Evidence was presented at trial that appellant sent the "SHOCKER" image to Laura Tackis, who was fourteen years old at the time. The evidence also shows that appellant sent the "KURIOS4C" image to Kristen Rittenhouse, who was fourteen years old; to Jessi Richardson-Miller, who was sixteen years old; and to Krystle Carusone, who was fifteen years old. Appellant sent the pictures "ABBY00-1, ABBY00-2, and HEATHER5" to Stephen Hoyt, who was fifteen years old. With regard to the above five listed minors, appellant was convicted of disseminating matter harmful to juveniles. With regard to the photographs listed above numbered five through twelve, appellant was convicted of pandering obscenity. With regard to the picture listed above as number thirteen, appellant was convicted of the illegal use of a minor in a nudity-oriented material or performance.

Also introduced into evidence were copies of E-mail transmissions and instant messages ("IMs") between appellant and Sarah Reidenbach. The IMs between appellant and Sarah are sexual in nature and include the following: appellant telling Sarah that he is only nineteen years old; appellant asking Sarah if she gives good blow jobs; appellant attempting to send Sarah a naked picture of himself with an erect penis; appellant offering to meet Sarah in Worthington if she will give him a blow job; Sarah telling appellant that she is only thirteen years old; appellant asking Sarah what type of "tip" she would want from appellant if she was to give appellant a blow job; appellant offering to give Sarah "$100" as a tip; appellant asking if Sarah would allow him to see her naked; appellant asking Sarah how many blow jobs she has performed; appellant telling Sarah that he wants to perform cunnilingus on her; and appellant arranging to meet Sarah at Graeter's on June 20, 1998.
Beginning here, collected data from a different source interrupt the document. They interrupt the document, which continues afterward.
(* Let $G=\mathbb Z\wr\mathbb Z=\langle y\rangle\wr\langle x\rangle$ and $H=\langle y\rangle^{\langle x\rangle}\langle x^2\rangle$ (a normal subgroup of index 2). Let $f_1:H\to G$ be the homomorphism with $y^{x^{2n}}\mapsto y^{x^n}$, $y^{x^{2n+1}}\mapsto1$, $x^{2n}\mapsto x^n$ ($n\in\mathbb Z$), let $f_2:G\to G$ be the homomorphism with $y\mapsto x$, $x\mapsto1$, and let $f_1':H\to G$, $h\mapsto(x^{-1}hx)^{f_1}$. Then the $G$-data $((2,2,2),(H,H,H),(f_1,f_1',f_2|_H))$ is simple with trivial parabolic subgroup, and it induces a faithful finite-state self-similar representation $G\cong\langle\gamma_1,\alpha_1\rangle\le\mathcal F_6$, where $\gamma_1,\alpha_1\in\mathcal A_6$ are defined by $\gamma_1=(\gamma_1,e,e,\gamma_1,\alpha_1,\alpha_1)$ and $\alpha_1=(e,\alpha_1,e,\alpha_1,e,e)(1\,2)(3\,4)$.
   Context: Conventions: maps written on the right, $u^v=v^{-1}uv$; wreath products are restricted. For $n\ge2$, $\mathcal A_n$ is the automorphism group of the one-rooted $n$-regular tree with vertices the finite words over $\{1,\dots,n\}$; $\alpha\in\mathcal A_n$ is written $\alpha=(\alpha_1,\dots,\alpha_n)\sigma(\alpha)$ with $\sigma(\alpha)\in S_n$ the first-level action and $\alpha_i$ the states, meaning $(y_1y_2\cdots y_k)^{\alpha}=(y_1)^{\sigma(\alpha)}(y_2\cdots y_k)^{\alpha_{y_1}}$; $e$ is the identity; $\alpha$ is finite-state if its set of states $Q(\alpha)=\{\alpha\}\cup\bigcup_iQ(\alpha_i)$ is finite, and $\mathcal F_n$ is the group of finite-state automorphisms. A $G$-data $(\mathbf m,\mathbf H,\mathbf F)$ consists of subgroups $H_1,\dots,H_s$ with $[G:H_i]=m_i$, $m=\sum m_i$, and homomorphisms $f_i:H_i\to G$. Choosing right transversals $T_i$ of $H_i$, with $\theta_i(g,t)=tg(t')^{-1}$ where $H_it'=H_itg$ and $g^\sigma$ the permutation $t\mapsto t'$ of $T_1\sqcup\dots\sqcup T_s\cong\{1,\dots,m\}$, the data induces $\varphi:G\to\mathcal A_m$, $g^\varphi=((\theta_i(g,t)^{f_i})^\varphi\mid t\in T_i,1\le i\le s)\,g^\sigma$, whose kernel is the $\mathbf F$-core: the largest subgroup of $\bigcap_iH_i$ normal in $G$ and $f_i$-invariant for all $i$ ($K$ is $f$-invariant if $K\subseteq\mathrm{dom}(f)$ and $K^f\le K$). The data is simple if the $\mathbf F$-core is trivial. The parabolic subgroup of the data is the largest subgroup of $\bigcap_iH_i$ which is $f_i$-invariant for all $i$. *)

From mathcomp Require Import all_boot.
From Stdlib Require Import ZArith Lia IndefiniteDescription.

Set Implicit Arguments.
Unset Strict Implicit.
Unset Printing Implicit Defensive.

Record grp := Grp {
  gcar :> Type;
  gmul : gcar -> gcar -> gcar;
  ginv : gcar -> gcar;
  gone : gcar }.

Arguments gmul {g} _ _.
Arguments ginv {g} _.
Arguments gone {g}.

Definition is_subgroup (G : grp) (S : G -> Prop) : Prop :=
  S gone /\ (forall a b, S a -> S b -> S (gmul a b)) /\ (forall a, S a -> S (ginv a)).

Definition is_normal (G : grp) (S : G -> Prop) : Prop :=
  forall g s, S s -> S (gmul (gmul (ginv g) s) g).

(* f is a homomorphism H -> G (values outside H are irrelevant) *)
Definition is_hom_on (G : grp) (H : G -> Prop) (f : G -> G) : Prop :=
  forall a b, H a -> H b -> f (gmul a b) = gmul (f a) (f b).
(* There is a family of classes $(K_f)_{f\in 2^\omega}$ such that for every $f\in 2^\omega$, $K_f\le_c FLO$ and $K_f\perp PF$, and for all distinct $f,g\in 2^\omega$, $K_f\perp K_g$.
   Context: Conventions: every structure is for a finite relational language with universe a subset of $\omega$; a class is a collection of structures for one language closed under isomorphism. $D(\mathcal{A})$ is the atomic diagram of $\mathcal{A}$. A computable transformation from $K$ to $K'$ is a c.e. set $\Phi$ of pairs $(\alpha,\varphi)$, $\alpha$ a finite subset of the atomic diagram of a finite structure in the language of $K$, $\varphi$ an atomic sentence or negation of one in the language of $K'$, such that for every $\mathcal{A}\in K$, $\{\varphi:(\exists\alpha\subseteq D(\mathcal{A}))(\alpha,\varphi)\in\Phi\}=D(\mathcal{B})$ for some $\mathcal{B}\in K'$. A computable embedding is a computable transformation with $\mathcal{A}\cong\mathcal{A}'\iff\Phi(\mathcal{A})\cong\Phi(\mathcal{A}')$; $K\le_c K'$ means one exists; $K\perp K'$ means $K\not\le_c K'$ and $K'\not\le_c K$. $PF$ is the class of finite prime fields (in a relational language); $FLO$ is the class of finite linear orders. *)

From mathcomp Require Import all_boot.
Set Implicit Arguments. Unset Strict Implicit. Unset Printing Implicit Defensive.

Inductive instr := INC (r j : nat) | DEC (r j k : nat).

Definition step (M : seq instr) (c : nat * (nat -> nat)) : nat * (nat -> nat) :=
  let: (pc, R) := c in
  if pc < size M then
    match nth (INC 0 0) M pc with
    | INC r j => (j, fun x => if x == r then (R x).+1 else R x)
    | DEC r j k => if R r == 0 then (k, R)
                   else (j, fun x => if x == r then (R x).-1 else R x)
    end
  else c.
Lemma adjV_Sset P A B : P \in unitmx -> A \in Sset q P -> adjV A B -> B \in Sset q P.
Proof.
move=> unitP /imsetP [X HGL_X ->] /and3P [_ VB /eqP rankM].
apply: (Sset_ker unitP VB); have /HGLP [_ unitX] := HGL_X.
have kA0 : kvec P *m embed P X = 0.
  by apply/eqP/embed_kerP => //; exists 1; rewrite scale1r.
have /VrkP [hermA _] := embed_Vrk unitP HGL_X; have /VrkP [hermB rankB] := VB.
set M := embed P X - B in rankM; have hermM : ctmx M = M by rewrite ctmxB hermA hermB.
have kME : kvec P *m M = - (kvec P *m B) by rewrite mulmxBr kA0 sub0r.
have [kM0|kM_neq0] := eqVneq (kvec P *m M) 0.
  by apply/eqP; rewrite -oppr_eq0 -kME kM0.
(* M has rank one, so its row space is that of kvec P *m M, which lies in that of B. *)
have /submxP [D MDB] : (M <= B)%MS.
  have : (M <= kvec P *m M)%MS.
    by rewrite -(mxrank_leqif_sup (submxMl _ _)).2 rankM rank_rV kM_neq0.
  by move/submx_trans; apply; rewrite kME -mulNmx submxMl.
have [u u_neq0 uB0] : exists2 u : 'rV_m.+1, u != 0 & u *m B = 0.
  by apply: exists_ker_row; rewrite rankB.
have /(embed_kerP _ unitP unitX) [c uE] : u *m embed P X == 0.
  by rewrite -(subrK B (embed P X)) -/M -hermM MDB ctmxM hermB mulmxDr mulmxA uB0 mul0mx addr0.
have c_neq0 : c != 0 by apply: contra_neq u_neq0; rewrite uE => ->; rewrite scale0r.
by rewrite -[kvec P](scalerK c_neq0) -uE -scalemxAl uB0 scaler0.
Qed.

Lemma HGL1 : 1%:M \in HGL.
Proof. by apply/HGLP; rewrite ctmx1 unitmx1. Qed.

Lemma embed1_Sset P : embed P 1%:M \in Sset q P.
Proof. exact: imset_f HGL1. Qed.

Lemma connect_SsetE P A : P \in unitmx -> A \in Sset q P ->
  [set B | connect adjV A B] = Sset q P.
Proof.
move=> unitP SA; apply/setP => B; rewrite inE; apply/idP/idP.
  case/connectP => p + ->; elim: p A SA => //= C p IHp A SA /andP [AC].
  exact/IHp/(adjV_Sset unitP SA AC).
case/imsetP: SA => X HGL_X ->; case/imsetP => Y HGL_Y ->.
apply: (connect_HGL (f := embed P) _ HGL_X HGL_Y) => X' Y' HGL_X' HGL_Y' rankXY.
by rewrite /adjV !embed_Vrk // mxrank_embedB // rankXY.
Qed.

Lemma exists_kvec v : v != 0 -> exists2 P, P \in unitmx & kvec P = v.
Proof.
case/exists_unit_row_max => Q unitQ rowQ.
by exists (invmx Q); rewrite ?unitmx_inv // /kvec invmxK -rowE.
Qed.

Lemma Vrk_Sset A : A \in Vrk -> exists2 P, P \in unitmx & A \in Sset q P.
Proof.
move=> VA; have /VrkP [_ rankA] := VA.
have [u u_neq0 uA0] : exists2 u : 'rV_m.+1, u != 0 & u *m A = 0.
  by apply: exists_ker_row; rewrite rankA.
have [P unitP kP] := exists_kvec u_neq0.
by exists P => //; apply: Sset_ker; rewrite ?kP.
Qed.

Lemma componentsE : components F q m.+1 = [set Sset q P | P : 'M_m.+1 & P \in unitmx].
Proof.
apply/setP => C; apply/imsetP/imsetP => [[A VA ->]|[P /[!inE] unitP ->]].
  have [P unitP SA] := Vrk_Sset VA.
  by exists P; rewrite ?inE // (connect_SsetE unitP SA).
exists (embed P 1%:M); first exact: embed_Vrk HGL1.
by rewrite (connect_SsetE unitP (embed1_Sset P)).
Qed.

Definition kerline (C : {set 'M[F]_m.+1}) : {set 'rV[F]_m.+1} :=
  [set v | (v != 0) && [exists A in C, v *m A == 0]].

Lemma kerline_SsetE P : P \in unitmx ->
  kerline (Sset q P) = [set c *: kvec P | c in [set~ 0]].
Proof.
move=> unitP; apply/setP => v; rewrite inE; apply/andP/imsetP.
  case=> v_neq0 /existsP [_ /andP [/imsetP [X /HGLP [_ unitX] ->]]].
  case/(embed_kerP _ unitP unitX) => c vE; exists c => //.
  by rewrite !inE; apply: contra_neq v_neq0; rewrite vE => ->; rewrite scale0r.
case=> c /[!inE] c_neq0 ->; split; first by rewrite scaler_eq0 negb_or c_neq0 kvec_neq0.
apply/existsP; exists (embed P 1%:M); rewrite embed1_Sset /=.
by apply/(embed_kerP _ unitP (unitmx1 _ _)); exists c.
Qed.

Lemma kvec_kerline P : P \in unitmx -> kvec P \in kerline (Sset q P).
Proof.
move=> unitP; rewrite kerline_SsetE //; apply/imsetP.
by exists 1; rewrite ?scale1r ?inE ?oner_neq0.
Qed.

Lemma card_kerline_Sset P : P \in unitmx -> #|kerline (Sset q P)| = #|F|.-1.
Proof.
move=> unitP; rewrite kerline_SsetE // card_in_imset ?cardsC1 // => c d _ _.
move/eqP; rewrite -subr_eq0 -scalerBl scaler_eq0 (negbTE (kvec_neq0 unitP)) orbF.
by rewrite subr_eq0 => /eqP.
Qed.

Lemma kerline_Sset_inj P1 P2 v : P1 \in unitmx -> P2 \in unitmx ->
  v \in kerline (Sset q P1) -> v \in kerline (Sset q P2) -> Sset q P1 = Sset q P2.
Proof.
move=> unitP1 unitP2; rewrite !kerline_SsetE //.
case/imsetP => c1 /[!inE] c1_neq0 -> /imsetP [c2 _ kE].
have /(Sset_ker unitP1 (embed_Vrk unitP2 HGL1)) S1A : kvec P1 *m embed P2 1%:M = 0.
  have /eqP : c1 *: (kvec P1 *m embed P2 1%:M) = 0.
    by rewrite scalemxAl kE; apply/eqP/(embed_kerP _ unitP2 (unitmx1 _ _)); exists c2.
  by rewrite scaler_eq0 (negbTE c1_neq0) => /eqP.
by rewrite -(connect_SsetE unitP1 S1A) (connect_SsetE unitP2 (embed1_Sset P2)).
Qed.

(* The sets kerline C partition the nonzero vectors into classes of size #|F| - 1. *)
Lemma card_components_mul :
  (#|components F q m.+1| * #|F|.-1)%N = (#|F| ^ m.+1).-1.
Proof.
set comps := components F q m.+1.
have compsP C : C \in comps -> exists2 P, P \in unitmx & C = Sset q P.
  by rewrite /comps componentsE => /imsetP [P /[!inE] unitP ->]; exists P.
have Sset_comps P : P \in unitmx -> Sset q P \in comps.
  by move=> unitP; rewrite /comps componentsE imset_f ?inE.
have partK : partition (kerline @: comps) [set~ 0].
  apply/and3P; split.
  - apply/eqP/setP => v; rewrite !inE; apply/bigcupP/idP.
      by case=> _ /imsetP [C _ ->]; rewrite inE => /andP [].
    move=> /exists_kvec [P unitP <-].
    by exists (kerline (Sset q P)); rewrite ?imset_f ?Sset_comps ?kvec_kerline.
  - apply/trivIsetP => B1 B2 /imsetP [C1 /compsP [P1 unitP1 ->] ->].
    move=> /imsetP [C2 /compsP [P2 unitP2 ->] ->] neqK.
    rewrite -setI_eq0; apply/set0Pn => -[v /setIP [v1 v2]].
    by case/eqP: neqK; rewrite (kerline_Sset_inj unitP1 unitP2 v1 v2).
  - apply/imsetP => -[C /compsP [P unitP ->] /setP /(_ (kvec P))].
    by rewrite in_set0 kvec_kerline.
have := card_uniform_partition (n := #|F|.-1) _ partK.
rewrite cardsC1 card_mx mul1n => ->.
- congr (_ * _)%N; symmetry; apply: card_in_imset => C1 C2 /compsP [P1 unitP1 ->].
  case/compsP => P2 unitP2 -> eqK.
  by apply: (kerline_Sset_inj unitP1 unitP2 (kvec_kerline unitP1)); rewrite -eqK kvec_kerline.
- by move=> _ /imsetP [C /compsP [P unitP ->] ->]; apply: card_kerline_Sset.
Qed.

End Components.
End LargeField.
End Conjugation.

Unset Implicit Arguments.
Set Strict Implicit.

Theorem lemma3p7 (F : finFieldType) (q n : nat)
  (hF : #|F| = (q ^ 2)%N) (hq : (3 <= q)%N) (hn : (2 <= n)%N) :
  [/\ #|@components F q n| = ((q ^ (2 * n) - 1) %/ (q ^ 2 - 1))%N,
      @components F q n = [set @Sset F q n P | P : 'M[F]_n & P \in unitmx]
    & forall C, C \in @components F q n ->
        exists f : 'M[F]_(n.-1) -> 'M[F]_n,
          [/\ {in @HGL F q n.-1 &, injective f},
              C = f @: @HGL F q n.-1
            & {in @HGL F q n.-1 &, forall X Y,
                 (\rank (f X - f Y)%R == 1)%N = (\rank (X - Y)%R == 1)%N}]].
Proof.
have q_gt0 : (0 < q)%N by apply: leq_trans hq.
case: n hn => [|m] // _; split.
- have q2B1_gt0 : (0 < q ^ 2 - 1)%N by rewrite subn_gt0 (ltn_exp2l 0 2) // (leq_trans _ hq).
  have := card_components_mul hF q_gt0 hq m.
  by rewrite hF -expnM -!subn1 => <-; rewrite mulnK.
- exact: componentsE.
move=> C; rewrite (componentsE hF q_gt0 hq) => /imsetP [P /[!inE] unitP ->].
exists (embed q P); split => //; first exact: in2W (embed_inj hF q_gt0 unitP).
by move=> X Y _ _; rewrite mxrank_embedB.
Qed.
(* Let $k\ge 3$ be an integer and $F$ a field admitting a primitive $(k-1)$-th root of unity with $\mathrm{char}(F)\nmid k$. Let $X$ be a finite poset, $B$ a unital associative $F$-algebra, and $\varphi:I(X,F)\to B$ an $F$-linear map with $\varphi(P_k(I(X,F)))\subseteq P_k(B)$ and $1\in\varphi(I(X,F))$. Then there exist a Jordan homomorphism $\psi:I(X,F)\to B$ and an element $u\in B$ commuting with every element of $\varphi(I(X,F))$, with $u^{k-1}=1$, such that $\varphi=u\psi$.
   Context: $I(X,F)$ is the incidence algebra of the locally finite poset $X$ over $F$ (functions $f:X\times X\to F$ vanishing unless $x\le y$, with product $(fg)(x,y)=\sum_{x\le z\le y}f(x,z)g(z,y)$). $P_k(A)=\{a: a^k=a\}$. A Jordan homomorphism $\psi:A\to B$ of associative algebras is a linear map with $\psi(a^2)=\psi(a)^2$ and $\psi(aba)=\psi(a)\psi(b)\psi(a)$ for all $a,b$. *)

From HB Require Import structures.
From mathcomp Require Import all_boot all_order all_algebra.
Set Implicit Arguments.
Unset Strict Implicit.
Unset Printing Implicit Defensive.
Import Order.TTheory GRing.Theory Num.Theory.
Local Open Scope ring_scope.

(* Incidence algebra I(X,F) of a finite poset X over a field F.
   Elements are represented as functions f : X * X -> F (finite functions)
   satisfying the support condition [is_incidence f]. *)
Section Incidence.
Variables (d : Order.disp_t) (X : finPOrderType d) (F : fieldType).

Local Notation incfun := {ffun X * X -> F}.

Definition is_incidence (f : incfun) : Prop :=
  forall x y : X, ~~ (x <= y)%O -> f (x, y) = 0.

Definition inc_mul (f g : incfun) : incfun :=
  [ffun p => \sum_(z : X | (p.1 <= z)%O && (z <= p.2)%O) f (p.1, z) * g (z, p.2)].

Definition inc_one : incfun := [ffun p => (p.1 == p.2)%:R].

Definition inc_comb (c : F) (f g : incfun) : incfun := [ffun p => c * f p + g p].

Definition inc_exp (f : incfun) (n : nat) : incfun := iter n (inc_mul f) inc_one.

End Incidence.

Notation incfun X F := {ffun (X : finPOrderType _) * X -> (F : fieldType)}.

Definition inc_linear d (X : finPOrderType d) (F : fieldType) (B : algType F)
  (phi : incfun X F -> B) : Prop :=
  forall (c : F) (f g : incfun X F), is_incidence f -> is_incidence g ->
    phi (inc_comb c f g) = c *: phi f + phi g.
Copies of other IMs were introduced into evidence, which revealed portions of conversations which appellant had with other young females. Those IMs reiterate much of the same type of sexual conversation above-detailed between appellant and Sarah.

Turning to appellant's assignments of error, this court will first address appellant's speedy trial argument as found in appellant's third assignment of error, wherein appellant argues that the trial court erred in denying his motion to dismiss. As stated previously, appellant was arrested on August 20, 1998, and charged with attempted corruption of a minor. Appellant posted bond and was released. Thereafter, on June 14, 1999, some ten months after the initial arrest, appellant was charged with compelling prostitution in violation of R.C. 2907.21, which provides, in pertinent part, as follows:

(A) No person shall knowingly do any of the following:

* * *

(2) Induce, procure, encourage, solicit, request, or otherwise facilitate a minor to engage in sexual activity for hire, whether or not the offender knows the age of the minor[.]

On July 8, 1999, appellant filed a motion to dismiss pursuant to the speedy trial rule and requested that the trial court dismiss all thirty-three counts of the indictment. The state argued that appellant had waived his right to a speedy trial and, ultimately, the trial court denied appellant's motion. Based upon a review of the record, the statute and the relevant case law, we determine that count one of the indictment should have been dismissed as hereinafter more fully explained.

R.C. 2945.71 provides, in pertinent part, as follows:

(C) A person against whom a charge of felony is pending:

* * *

(2) Shall be brought to trial within two hundred seventy days after his arrest.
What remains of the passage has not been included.